TP ICAP reported record annual revenue of £2.35 billion for the year ended 31 December 2025, up 6% at constant currency, driven by strong activity across over-the-counter financial markets and higher demand for risk management products. Adjusted earnings before interest and tax increased 10% to £348 million, while reported EBIT rose 12% to £264 million. Chief Executive Nicolas Breteau stated, “This strong performance reflects the disciplined execution of our strategy. We grew the business, maintained strict cost control and continued to drive operating leverage.”
Global Broking was the main driver of the group’s performance, with revenue rising 10% at constant currency to £1.38 billion, accounting for 58% of group revenue. The division delivered adjusted EBIT of £241 million, up from £202 million in 2024.
Within Global Broking, rates revenue increased 12% to £635 million, supported by high market activity and client demand for hedging tools. Equities revenue rose 12% to £266 million, credit revenue climbed 15% to £129 million, and FX and money markets revenue increased 2% to £321 million. TP ICAP reported that broker productivity rose 8% year on year, helped by investment in electronic and hybrid execution.
Energy & Commodities revenue fell 2% at constant currency to £449 million after a strong prior-year comparison. Oil revenue declined 7% due to softer market conditions, while power and gas revenue rose 6%.
Liquidnet revenue rose 4% to £365 million, helped by growth in multi-asset agency brokerage, rates, futures, foreign exchange, Asia-Pacific trading, algorithmic trading, and inter-region activity.
Parameta Solutions, the group’s data and analytics arm, increased revenue 5% to £202 million, with subscription-based revenue accounting for 97% of the division’s total. However, adjusted EBIT fell to £76 million from £81 million, and the margin declined to 37.6% from 42.0%, reflecting planned investment in sales transformation and pricing changes.

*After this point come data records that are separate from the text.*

(* Let $V$ be a finite-dimensional vector space over a field $\mathbb{F}$ with fixed basis $e_1,\dots,e_n$, and let $N(t)$ be a nonsingular $\mathbb{F}(t)$-linear map $V(t)\to V(t)$. If $L$ and $L'$ are subspaces of $\bigwedge V$ such that $x\wedge x'=0$ for all $x\in L$, $x'\in L'$, then also $y\wedge y'=0$ for all $y\in NL$, $y'\in NL'$.
   Context: $\mathbb{F}(t)$ is the field of rational functions in a transcendental $t$; $V(t)=V\otimes_{\mathbb{F}}\mathbb{F}(t)$, and $N(t)$ extends to $\bigwedge V(t)$ by $u_1\wedge\cdots\wedge u_r\mapsto N(t)u_1\wedge\cdots\wedge N(t)u_r$ and linearity. $\bigwedge V$ is given the basis of monomials $e_{s_1}\wedge\cdots\wedge e_{s_r}$, $s_1<\cdots<s_r$. Limit action: for nonzero $x\in\bigwedge V$, write $N(t)x$ in the monomial basis, multiply by a nonzero element of $\mathbb{F}(t)$ so that all coefficients are polynomials in $t$ with no common divisor of positive $t$-degree, and evaluate at $t=0$; the result is a nonzero element $Nx$ of $\bigwedge V$, well defined up to nonzero scalar. For a subspace $L$, $NL$ is the subspace spanned by $\{Nx:x\in L\setminus\{0\}\}$ (equivalently, the limit of $L$ as a point of the appropriate Grassmannian); it has the same dimension as $L$. *)

From HB Require Import structures.
From mathcomp Require Import all_boot all_order all_algebra fraction.
Set Implicit Arguments. Unset Strict Implicit. Unset Printing Implicit Defensive.
Import Order.TTheory GRing.Theory Num.Theory.
Local Open Scope ring_scope.

(* V = R^n with basis e_0, ..., e_{n-1}; the exterior algebra /\ V is
   represented in its monomial basis: e_S (S a subset of 'I_n) is the
   wedge e_{s_1} /\ ... /\ e_{s_r} with s_1 < ... < s_r. *)
Definition lam (R : Type) (n : nat) := {ffun {set 'I_n} -> R}.

Definition inv_count n (S T : {set 'I_n}) : nat :=
  #|[set p : 'I_n * 'I_n | [&& p.1 \in S, p.2 \in T & (p.2 < p.1)%N]]|.

Definition wedge (R : pzRingType) n (x y : lam R n) : lam R n :=
  [ffun U => \sum_(S : {set 'I_n}) \sum_(T : {set 'I_n} | (S :&: T == set0) && (S :|: T == U))
      (-1) ^+ inv_count S T * x S * y T].

Definition lam_one (R : pzRingType) n : lam R n := [ffun S => (S == set0)%:R].

Definition embed (R : pzRingType) n (v : 'I_n -> R) : lam R n :=
  [ffun S => \sum_(i : 'I_n | S == [set i]) v i].

Notation ratfun F := {fraction {poly F}}.
Notation topoly F p := (@FracField.tofrac {poly F} p).

(* action of a linear map N on /\ V(t): the monomial e_S is sent to
   N e_{s_1} /\ ... /\ N e_{s_r}, extended linearly;  N e_j = sum_i N i j e_i *)
Definition extN (K : pzRingType) n (N : 'M[K]_n) (x : lam K n) : lam K n :=
  [ffun U => \sum_(S : {set 'I_n})
     x S * (foldr (@wedge K n) (lam_one K n)
                 [seq embed (fun i => N i j) | j <- enum S]) U].

(* z is (a representative of) the limit N x: write N(t) x in the monomial
   basis, multiply by a nonzero c in F(t) so that the coefficients are
   polynomials p_S with no common divisor of positive degree, and evaluate
   at t = 0. *)
Definition limit_of (F : fieldType) n (N : 'M[ratfun F]_n) (x z : lam F n) : Prop :=
  let y := extN N [ffun S => topoly F (x S)%:P] in
  exists c : ratfun F, c != 0 /\
    exists p : {ffun {set 'I_n} -> {poly F}},
      (forall S, c * y S = topoly F (p S)) /\
      (forall d : {poly F}, (forall S, d %| p S) -> (size d <= 1)%N) /\
      z = [ffun S => (p S).[0]].

Definition is_subspace (F : fieldType) n (L : lam F n -> Prop) : Prop :=
  L 0 /\ forall (a : F) (x y : lam F n), L x -> L y -> L ([ffun S => a * x S] + y).

Definition in_span (F : fieldType) n (P : lam F n -> Prop) (y : lam F n) : Prop :=
  exists s : seq (F * lam F n), (forall q, q \in s -> P q.2) /\
    y = \sum_(q <- s) [ffun S => q.1 * q.2 S].

Definition lim_gens (F : fieldType) n (N : 'M[ratfun F]_n) (L : lam F n -> Prop)
  (z : lam F n) : Prop :=
  exists x, [/\ L x, x != 0 & limit_of N x z].

Definition lim_space (F : fieldType) n (N : 'M[ratfun F]_n) (L : lam F n -> Prop) :
  lam F n -> Prop := in_span (lim_gens N L).

From HB Require Import structures.
From mathcomp Require Import all_boot all_order all_algebra fraction.
From mathcomp Require Import ring.
Set Implicit Arguments. Unset Strict Implicit. Unset Printing Implicit Defensive.
Import Order.TTheory GRing.Theory Num.Theory.
Local Open Scope ring_scope.

(* The extension of N(t) to the exterior algebra is multiplicative: it sends
   e_S to the product of the vectors N(t) e_s, s in S, and these anticommute
   and square to zero, so the relation e_S /\ e_T = +-e_{S u T} is preserved.
   Hence N(t) x /\ N(t) x' = N(t) (x /\ x') = 0.  The wedge product commutes
   with ring morphisms, so the polynomial vectors p = c N(t) x, p' = c' N(t) x'
   obtained by clearing denominators satisfy p /\ p' = 0 (as F[t] -> F(t) is
   injective), and evaluating at t = 0 gives N x /\ N x' = 0.  Bilinearity
   extends this to the spans N L and N L'. *)

Section Wedge.
Variables (K : comNzRingType) (n : nat).
Implicit Types (S T U W A B C : {set 'I_n}) (x y z : lam K n).

Definition lam_scale (a : K) x : lam K n := [ffun S => a * x S].

Definition wedge_sign S T : K := if S :&: T == set0 then (-1) ^+ inv_count S T else 0.

Lemma wedgeE x y U :
  wedge x y U = \sum_S \sum_T wedge_sign S T * x S * y T * (S :|: T == U)%:R.
Proof.
rewrite ffunE; apply: eq_bigr => S _; rewrite big_mkcond /=; apply: eq_bigr => T _.
rewrite /wedge_sign; case: (S :&: T == set0); case: (S :|: T == U) => /=;
  by rewrite ?mulr1 ?mulr0 ?mul0r.
Qed.

Lemma sum_delta (F : {set 'I_n} -> K) B : \sum_A F A * (A == B)%:R = F B.
Proof.
rewrite (bigD1 B) //= eqxx mulr1 big1 ?addr0 // => A /negbTE ->; by rewrite mulr0.
Qed.

Lemma sum_delta_sym (F : {set 'I_n} -> K) B : \sum_A F A * (B == A)%:R = F B.
Proof. under eq_bigr do rewrite eq_sym. exact: sum_delta. Qed.

Lemma inv_countE S T : inv_count S T =
  (\sum_(p : 'I_n * 'I_n) [&& p.1 \in S, p.2 \in T & (p.2 < p.1)%N])%N.
Proof. by rewrite /inv_count -sum1dep_card big_mkcond. Qed.

Lemma inv_countUl A B C : A :&: B = set0 ->
  inv_count (A :|: B) C = (inv_count A C + inv_count B C)%N.
Proof.
move=> dAB; rewrite !inv_countE -big_split; apply: eq_bigr => p _ /=.
have : p.1 \notin A :&: B by rewrite dAB in_set0.
rewrite in_setI in_setU.
by case: (p.1 \in A); case: (p.1 \in B); case: (p.2 \in C); case: (p.2 < p.1)%N.
Qed.

Lemma inv_countUr A B C : B :&: C = set0 ->
  inv_count A (B :|: C) = (inv_count A B + inv_count A C)%N.
Proof.
move=> dBC; rewrite !inv_countE -big_split; apply: eq_bigr => p _ /=.
have : p.2 \notin B :&: C by rewrite dBC in_set0.
rewrite in_setI in_setU.
by case: (p.1 \in A); case: (p.2 \in B); case: (p.2 \in C); case: (p.2 < p.1)%N.
Qed.

Lemma wedge_signUl A B C : A :&: B = set0 ->
  wedge_sign (A :|: B) C = wedge_sign A C * wedge_sign B C.
Proof.
move=> dAB; rewrite /wedge_sign setIUl setU_eq0.
case: (A :&: C == set0); case: (B :&: C == set0); rewrite /= ?mulr0 ?mul0r //.
by rewrite inv_countUl // exprD.
Qed.

Lemma wedge_signUr A B C : B :&: C = set0 ->
  wedge_sign A (B :|: C) = wedge_sign A B * wedge_sign A C.
Proof.
move=> dBC; rewrite /wedge_sign setIUr setU_eq0.
case: (A :&: B == set0); case: (A :&: C == set0); rewrite /= ?mulr0 ?mul0r //.
by rewrite inv_countUr // exprD.
Qed.

Lemma wedge_sign_cocycle A B C :
  wedge_sign A B * wedge_sign (A :|: B) C = wedge_sign B C * wedge_sign A (B :|: C).
Proof.
case eAB: (A :&: B == set0); last first.
  by rewrite /wedge_sign eAB setIUr setU_eq0 eAB /= mul0r mulr0.
case eBC: (B :&: C == set0); last first.
  by rewrite /wedge_sign eBC setIUl setU_eq0 eBC andbF /= mul0r mulr0.
by rewrite wedge_signUl ?wedge_signUr; [ring | exact/eqP | exact/eqP].
Qed.

Lemma wedge_sign0l T : wedge_sign set0 T = 1.
Proof. by rewrite /wedge_sign set0I eqxx inv_countE big1 // => p; rewrite in_set0. Qed.

Lemma wedge_sign0r T : wedge_sign T set0 = 1.
Proof.
by rewrite /wedge_sign setI0 eqxx inv_countE big1 // => p; rewrite in_set0 andbF.
Qed.

Lemma inv_count_set1 (i j : 'I_n) : inv_count [set i] [set j] = (j < i)%N.
Proof.
rewrite inv_countE (bigD1 (i, j)) //= !in_set1 !eqxx big1 ?addn0 // => -[a b] /=.
by rewrite !in_set1 xpair_eqE; case: eqP; case: eqP.
Qed.

Lemma wedge_sign_set1 (i j : 'I_n) :
  wedge_sign [set i] [set j] = if i == j then 0 else if (j < i)%N then -1 else 1.
Proof.
rewrite /wedge_sign inv_count_set1; case: (eqVneq i j) => [->|ne].
  by rewrite setIid; case: ifP => // /eqP /setP /(_ j); rewrite !inE eqxx.
have -> : [set i] :&: [set j] == set0.
  by apply/eqP/setP => k; rewrite !inE; case: (eqVneq k i) => // ->; rewrite (negbTE ne).
by case: (j < i)%N; rewrite ?expr1 ?expr0.
Qed.

Lemma wedge_sign_set1C (i j : 'I_n) :
  wedge_sign [set j] [set i] = - wedge_sign [set i] [set j].
Proof.
rewrite !wedge_sign_set1 eq_sym; case: (eqVneq i j) => [_|ne]; first by rewrite oppr0.
case: ltngtP => h; rewrite ?opprK //.
by move: ne; rewrite -val_eqE /= h eqxx.
Qed.

Lemma wedge_sign_set1_lt (i : 'I_n) A :
  (forall a, a \in A -> (i < a)%N) -> wedge_sign [set i] A = 1.
Proof.
move=> iA; rewrite /wedge_sign.
have -> : [set i] :&: A == set0.
  apply/eqP/setP => k; rewrite !inE; case: eqP => // -> /=.
  by apply/negP => /iA; rewrite ltnn.
rewrite inv_countE big1 // => -[a b] _ /=; rewrite in_set1.
by case: eqP => //= ->; case bA: (b \in A) => //=; rewrite ltnNge ltnW // iA.
Qed.

Lemma lam_scaleE a x S : lam_scale a x S = a * x S. Proof. by rewrite ffunE. Qed.
Lemma lam_scale1 x : lam_scale 1 x = x.
Proof. by apply/ffunP => S; rewrite lam_scaleE mul1r. Qed.
Lemma lam_scale0 x : lam_scale 0 x = 0.
Proof. by apply/ffunP => S; rewrite lam_scaleE mul0r ffunE. Qed.
Lemma lam_scaler0 a : lam_scale a 0 = 0.
Proof. by apply/ffunP => S; rewrite lam_scaleE !ffunE mulr0. Qed.
Lemma lam_scaleA a b x : lam_scale a (lam_scale b x) = lam_scale (a * b) x.
Proof. by apply/ffunP => S; rewrite !lam_scaleE mulrA. Qed.
Lemma lam_scaleN a x : - lam_scale a x = lam_scale (- a) x.
Proof. by apply/ffunP => S; rewrite ffunE !lam_scaleE mulNr. Qed.

Lemma wedgeDl x x' y : wedge (x + x') y = wedge x y + wedge x' y.
Proof.
apply/ffunP => U; rewrite [RHS]ffunE !wedgeE -big_split; apply: eq_bigr => S _.
by rewrite -big_split; apply: eq_bigr => T _ /=; rewrite ffunE; ring.
Qed.

Lemma wedgeDr x y y' : wedge x (y + y') = wedge x y + wedge x y'.
Proof.
apply/ffunP => U; rewrite [RHS]ffunE !wedgeE -big_split; apply: eq_bigr => S _.
by rewrite -big_split; apply: eq_bigr => T _ /=; rewrite ffunE; ring.
Qed.

Lemma wedgeNl x y : wedge (- x) y = - wedge x y.
Proof.
apply/ffunP => U; rewrite [RHS]ffunE !wedgeE -sumrN; apply: eq_bigr => S _.
by rewrite -sumrN; apply: eq_bigr => T _ /=; rewrite ffunE; ring.
Qed.

Lemma wedgeZl a x y : wedge (lam_scale a x) y = lam_scale a (wedge x y).
Proof.
apply/ffunP => U; rewrite lam_scaleE !wedgeE mulr_sumr; apply: eq_bigr => S _.
by rewrite mulr_sumr; apply: eq_bigr => T _; rewrite lam_scaleE; ring.
Qed.

Lemma wedgeZr a x y : wedge x (lam_scale a y) = lam_scale a (wedge x y).
Proof.
apply/ffunP => U; rewrite lam_scaleE !wedgeE mulr_sumr; apply: eq_bigr => S _.
by rewrite mulr_sumr; apply: eq_bigr => T _; rewrite lam_scaleE; ring.
Qed.

Lemma wedge0l y : wedge 0 y = 0.
Proof. by have := wedgeZl 0 0 y; rewrite !lam_scale0. Qed.

Lemma wedge0r x : wedge x 0 = 0.
Proof. by have := wedgeZr 0 x 0; rewrite !lam_scale0. Qed.

Lemma wedge_suml (I : Type) (r : seq I) (P : pred I) (F : I -> lam K n) y :
  wedge (\sum_(i <- r | P i) F i) y = \sum_(i <- r | P i) wedge (F i) y.
Proof.
exact: (big_morph (fun x => wedge x y) (fun x x' => wedgeDl x x' y) (wedge0l y)).
Qed.

Lemma wedge_sumr (I : Type) (r : seq I) (P : pred I) (F : I -> lam K n) x :
  wedge x (\sum_(i <- r | P i) F i) = \sum_(i <- r | P i) wedge x (F i).
Proof. exact: (big_morph (wedge x) (wedgeDr x) (wedge0r x)). Qed.

Lemma wedge1l x : wedge (lam_one K n) x = x.
Proof.
apply/ffunP => U; rewrite wedgeE (bigD1 set0) //= [X in _ + X]big1 ?addr0.
  rewrite -[RHS](sum_delta x); apply: eq_bigr => T _.
  by rewrite wedge_sign0l ffunE eqxx set0U mulr1n !mul1r.
by move=> S /negbTE nS; apply: big1 => T _; rewrite ffunE nS mulr0 !mul0r.
Qed.

Lemma wedge_wedgelE x y z U : wedge (wedge x y) z U =
  \sum_S \sum_T \sum_W wedge_sign S T * wedge_sign (S :|: T) W * x S * y T * z W
       * (S :|: T :|: W == U)%:R.
Proof.
rewrite wedgeE.
transitivity (\sum_A \sum_W \sum_S \sum_T (wedge_sign S T * x S * y T *
   (wedge_sign A W * z W * (A :|: W == U)%:R)) * (S :|: T == A)%:R).
  apply: eq_bigr => A _; apply: eq_bigr => W _.
  rewrite wedgeE mulr_sumr !mulr_suml; apply: eq_bigr => S _.
  by rewrite mulr_sumr !mulr_suml; apply: eq_bigr => T _; ring.
under eq_bigr do rewrite exchange_big.
under eq_bigr do under eq_bigr do rewrite exchange_big.
rewrite exchange_big; under eq_bigr do rewrite exchange_big.
under eq_bigr do under eq_bigr do rewrite exchange_big.
apply: eq_bigr => S _; apply: eq_bigr => T _; apply: eq_bigr => W _.
by rewrite sum_delta_sym; ring.
Qed.

Lemma wedge_wedgerE x y z U : wedge x (wedge y z) U =
  \sum_S \sum_T \sum_W wedge_sign T W * wedge_sign S (T :|: W) * x S * y T * z W
       * (S :|: (T :|: W) == U)%:R.
Proof.
rewrite wedgeE.
transitivity (\sum_S \sum_B \sum_T \sum_W (wedge_sign T W * y T * z W *
   (wedge_sign S B * x S * (S :|: B == U)%:R)) * (T :|: W == B)%:R).
  apply: eq_bigr => S _; apply: eq_bigr => B _.
  rewrite wedgeE mulr_sumr mulr_suml; apply: eq_bigr => T _.
  by rewrite mulr_sumr mulr_suml; apply: eq_bigr => W _; ring.
apply: eq_bigr => S _; rewrite exchange_big; apply: eq_bigr => T _.
rewrite exchange_big; apply: eq_bigr => W _.
by rewrite sum_delta_sym; ring.
Qed.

Profit before tax climbed 7% to £230 million, and attributable earnings rose 11% to £186 million. Basic earnings per share increased 14% to 25.2 pence, while adjusted basic earnings per share rose 5% to 33.5 pence.
TP ICAP recommended a final dividend of 11.6 pence per share, taking the full-year dividend to 16.8 pence, up 4%. The final dividend is scheduled for payment on 22 May 2026 to shareholders on the register at the close of business on 10 April.
The group also announced an £80 million share buyback, including £50 million released early from its legal entity rationalisation programme. TP ICAP said it has delivered or announced £588 million of dividends and buybacks over the past 3 years.
The company said it has already actioned and achieved £35 million of annualised savings, £10 million ahead of plan, and remains confident of reaching at least £50 million by 2027.
Technology spending remains a central part of the plan. TP ICAP said 70% of its IT systems are now in the cloud, with a target of 80% by the end of 2026. The group also cited its Amazon Web Services partnership, cloud migration, AI training, and work through its AI & Innovation Lab.
TP ICAP said current trading remains supported by favourable market conditions. The company noted that foreign exchange moves could create a £9 million to £10 million adjusted EBIT headwind in 2026. Despite the expected currency drag, the board expects 2026 adjusted EBIT to be in line with current market expectations of £361 million.